* Provided records

(* Let $M$ be a compact connected boundaryless manifold, $X\in\mathfrak{X}^1(M)$ with flow $(X^t)_{t\in\mathbb{R}}$, and let $\Lambda=\bigcap_{t\in\mathbb{R}}X^t(U)$ be a compact isolated proper subset of $M$ with isolating neighborhood $U$. If $\Lambda$ is not future chaotic, then $\Lambda^-_X(U):=\overline{\bigcap_{t>0}X^{-t}(U)}$ has non-empty interior. Likewise, if $\Lambda$ is not past chaotic, then $\Lambda^+_X(U):=\overline{\bigcap_{t>0}X^{t}(U)}$ has non-empty interior.
   Context: $M$ carries a Riemannian metric with distance $\operatorname{dist}$. A compact $X^t$-invariant set $\Lambda$ is isolated with isolating neighborhood $U$ if $U$ is a neighborhood of $\Lambda$ with $\Lambda=\bigcap_{t\in\mathbb{R}}X^t(U)$; it is proper if $\emptyset\neq\Lambda\neq M$. An invariant set $\Lambda$ is future chaotic with constant $r>0$ if for every $x\in\Lambda$ and every neighborhood $V$ of $x$ in $M$ there exist $y\in V$ and $t>0$ with $\operatorname{dist}(X^t(y),X^t(x))\ge r$; ''future chaotic'' means future chaotic with some constant $r>0$. $\Lambda$ is past chaotic (with constant $r$) if it is future chaotic (with constant $r$) for the flow generated by $-X$. *)

From HB Require Import structures.
From mathcomp Require Import all_boot all_order all_algebra.
From mathcomp Require Import all_classical all_reals all_analysis.
Set Implicit Arguments. Unset Strict Implicit. Unset Printing Implicit Defensive.
Import Order.TTheory GRing.Theory Num.Theory numFieldNormedType.Exports.
Local Open Scope classical_set_scope.
Local Open Scope ring_scope.

Definition is_flow (R : realType) (M : topologicalType) (phi : R -> M -> M) :=
  [/\ forall x, phi 0 x = x,
      forall s t x, phi (s + t) x = phi s (phi t x)
    & continuous (fun p : R * M => phi p.1 p.2)].

Definition isolated_with (R : realType) (M : topologicalType) (phi : R -> M -> M)
  (Lam U : set M) :=
  (forall x, Lam x -> nbhs x U) /\
  Lam = \bigcap_(t in [set: R]) (phi t @` U).

(* Future chaotic with constant r (dist(X^t y, X^t x) >= r written as
   "not in the open ball of radius r"). *)
Definition future_chaotic_with (R : realType) (M : pseudoMetricType R)
  (phi : R -> M -> M) (Lam : set M) (r : R) :=
  forall x, Lam x -> forall V, nbhs x V ->
    exists y, exists t, [/\ V y, 0 < t & ~ ball (phi t x) r (phi t y)].

Definition future_chaotic (R : realType) (M : pseudoMetricType R)
  (phi : R -> M -> M) (Lam : set M) :=
  exists r, 0 < r /\ future_chaotic_with phi Lam r.

(* Past chaotic: future chaotic for the flow of -X, i.e. t |-> X^{-t}. *)
Definition past_chaotic (R : realType) (M : pseudoMetricType R)
  (phi : R -> M -> M) (Lam : set M) :=
  future_chaotic (fun t => phi (- t)) Lam.

Definition Lambda_minus (R : realType) (M : topologicalType) (phi : R -> M -> M)
  (U : set M) := closure (\bigcap_(t in [set t : R | 0 < t]) (phi (- t) @` U)).

Definition Lambda_plus (R : realType) (M : topologicalType) (phi : R -> M -> M)
  (U : set M) := closure (\bigcap_(t in [set t : R | 0 < t]) (phi t @` U)).

(* If Lambda is not future chaotic with constant r, where r is a
   uniform radius such that the r-neighbourhood of Lambda lies in U, then some
   x in Lambda has a neighbourhood V whose forward orbits stay r-close to the
   forward orbit of x, which remains in Lambda.  Hence V is forward trapped in
   U, so V lies in the intersection of the X^{-t}(U), t > 0, and Lambda^-_X(U)
   has non-empty interior.  The past case is the same argument for the
   reversed flow t |-> X^{-t}. *)
From HB Require Import structures.
From mathcomp Require Import all_boot all_order all_algebra.
From mathcomp Require Import all_classical all_reals all_analysis.
Import Order.TTheory GRing.Theory Num.Theory numFieldNormedType.Exports.
Local Open Scope classical_set_scope.
Local Open Scope ring_scope.

Lemma compact_uniform_ball {R : realType} {M : pseudoMetricType R}
    {K U : set M} :
  compact K -> (forall x, K x -> nbhs x U) ->
  exists2 r : R, 0 < r & forall z, K z -> ball z r `<=` U.
Proof.
move=> /compact_near_coveringP cover KU.
have : \forall r \near (0 : R)^'+, K `<=` (fun z => ball z r `<=` U).
  apply: (cover R (0 : R)^'+ (fun r z => ball z r `<=` U)) => x Kx.
  have /nbhs_ballP [e /= e0 eU] := KU x Kx.
  near=> y r => z yz; apply: eU.
  rewrite (splitr e); apply: (ball_triangle (y := y)).
    by near: y; apply/nbhs_ballP; exists (e / 2) => /=; rewrite ?divr_gt0.
  apply: (le_ball (e1 := r)) => //; near: r.
  by apply: nbhs_right_le; rewrite divr_gt0.
move=> /(filterI (nbhs_right_gt 0)) /filter_ex [r [r0 rU]].
by exists r.
Unshelve. all: end_near. Qed.

Lemma isolated_invariant {R : realType} {M : topologicalType}
    {phi : R -> M -> M} {Lam U : set M} :
  (forall s t x, phi (s + t) x = phi s (phi t x)) ->
  Lam = \bigcap_(t in [set: R]) (phi t @` U) ->
  forall t x, Lam x -> Lam (phi t x).
Proof.
move=> phiD -> t x Lx s _.
have [u Uu <-] := Lx (s - t) I.
by exists u => //; rewrite -phiD addrC subrK.
Qed.

Lemma not_future_chaotic_ball {R : realType} {M : pseudoMetricType R}
    {psi : R -> M -> M} {Lam : set M} {r : R} :
  ~ future_chaotic psi Lam -> 0 < r ->
  exists2 x, Lam x & exists2 V, nbhs x V &
    forall y t, V y -> 0 < t -> ball (psi t x) r (psi t y).
Proof.
move=> nchaos r0; apply: contrapT => nclose; apply: nchaos.
exists r; split=> // x Lx V Vx; apply: contrapT => nsep.
apply: nclose; exists x => //; exists V => // y t Vy t0.
by apply: contrapT => far; apply: nsep; exists y, t.
Qed.

Section ForwardTrapping.
Variables (R : realType) (M : pseudoMetricType R) (psi : R -> M -> M).
Hypothesis psi0 : forall x, psi 0 x = x.
Hypothesis psiD : forall s t x, psi (s + t) x = psi s (psi t x).

Lemma forward_trapped_bigcap (U : set M) (y : M) :
  (forall t, 0 < t -> U (psi t y)) ->
  (\bigcap_(t in [set t : R | 0 < t]) (psi (- t) @` U)) y.
Proof.
by move=> yU t /= t0; exists (psi t y); [exact: yU | rewrite -psiD addNr psi0].
Qed.

Lemma not_future_chaotic_interior_Lambda_minus (Lam U : set M) :
  compact Lam -> (forall x, Lam x -> nbhs x U) ->
  (forall t x, Lam x -> Lam (psi t x)) ->
  ~ future_chaotic psi Lam -> interior (Lambda_minus psi U) !=set0.
Proof.
move=> cLam LamU inv nchaos.
have [r r0 rU] := compact_uniform_ball cLam LamU.
have [x Lx [V Vx close]] := not_future_chaotic_ball nchaos r0.
exists x; apply: filterS Vx => y Vy; apply: subset_closure.
apply: forward_trapped_bigcap => t t0.
exact: rU (inv t x Lx) _ (close y t Vy t0).
Qed.

End ForwardTrapping.

Lemma Lambda_plus_reversed {R : realType} {M : topologicalType}
    (phi : R -> M -> M) (U : set M) :
  Lambda_plus phi U = Lambda_minus (fun t => phi (- t)) U.
Proof. by congr closure; apply: eq_bigcapr => t _; rewrite opprK. Qed.

Theorem lemma3p1 (R : realType) (M : pseudoMetricType R)
  (phi : R -> M -> M) (Lam U : set M) :
  hausdorff_space M ->
  compact [set: M] -> connected [set: M] ->
  is_flow phi ->
  compact Lam ->
  isolated_with phi Lam U ->
  Lam !=set0 -> Lam <> [set: M] ->
  (~ future_chaotic phi Lam -> interior (Lambda_minus phi U) !=set0) /\
  (~ past_chaotic phi Lam -> interior (Lambda_plus phi U) !=set0).
Proof.
move=> _ _ _ [phi0 phiD _] cLam [LamU LamE] _ _.
have inv := isolated_invariant phiD LamE.
split=> [|npast]; first exact: not_future_chaotic_interior_Lambda_minus.
rewrite Lambda_plus_reversed.
apply: (@not_future_chaotic_interior_Lambda_minus _ _ (fun t => phi (- t))
  _ _ _ _ cLam LamU _ npast).
- by move=> x; rewrite oppr0 phi0.
- by move=> s t x; rewrite opprD phiD.
- by move=> t x /(inv (- t)).
Qed.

* Problem
Copy exactly the lines that run from the first line of the data to the line containing "forall x, Lam x -> forall V, nbhs x V ->", please, with both ends included and nothing else.

* Task answer
(* Let $M$ be a compact connected boundaryless manifold, $X\in\mathfrak{X}^1(M)$ with flow $(X^t)_{t\in\mathbb{R}}$, and let $\Lambda=\bigcap_{t\in\mathbb{R}}X^t(U)$ be a compact isolated proper subset of $M$ with isolating neighborhood $U$. If $\Lambda$ is not future chaotic, then $\Lambda^-_X(U):=\overline{\bigcap_{t>0}X^{-t}(U)}$ has non-empty interior. Likewise, if $\Lambda$ is not past chaotic, then $\Lambda^+_X(U):=\overline{\bigcap_{t>0}X^{t}(U)}$ has non-empty interior.
   Context: $M$ carries a Riemannian metric with distance $\operatorname{dist}$. A compact $X^t$-invariant set $\Lambda$ is isolated with isolating neighborhood $U$ if $U$ is a neighborhood of $\Lambda$ with $\Lambda=\bigcap_{t\in\mathbb{R}}X^t(U)$; it is proper if $\emptyset\neq\Lambda\neq M$. An invariant set $\Lambda$ is future chaotic with constant $r>0$ if for every $x\in\Lambda$ and every neighborhood $V$ of $x$ in $M$ there exist $y\in V$ and $t>0$ with $\operatorname{dist}(X^t(y),X^t(x))\ge r$; ''future chaotic'' means future chaotic with some constant $r>0$. $\Lambda$ is past chaotic (with constant $r$) if it is future chaotic (with constant $r$) for the flow generated by $-X$. *)

From HB Require Import structures.
From mathcomp Require Import all_boot all_order all_algebra.
From mathcomp Require Import all_classical all_reals all_analysis.
Set Implicit Arguments. Unset Strict Implicit. Unset Printing Implicit Defensive.
Import Order.TTheory GRing.Theory Num.Theory numFieldNormedType.Exports.
Local Open Scope classical_set_scope.
Local Open Scope ring_scope.

Definition is_flow (R : realType) (M : topologicalType) (phi : R -> M -> M) :=
  [/\ forall x, phi 0 x = x,
      forall s t x, phi (s + t) x = phi s (phi t x)
    & continuous (fun p : R * M => phi p.1 p.2)].

Definition isolated_with (R : realType) (M : topologicalType) (phi : R -> M -> M)
  (Lam U : set M) :=
  (forall x, Lam x -> nbhs x U) /\
  Lam = \bigcap_(t in [set: R]) (phi t @` U).

(* Future chaotic with constant r (dist(X^t y, X^t x) >= r written as
   "not in the open ball of radius r"). *)
Definition future_chaotic_with (R : realType) (M : pseudoMetricType R)
  (phi : R -> M -> M) (Lam : set M) (r : R) :=
  forall x, Lam x -> forall V, nbhs x V ->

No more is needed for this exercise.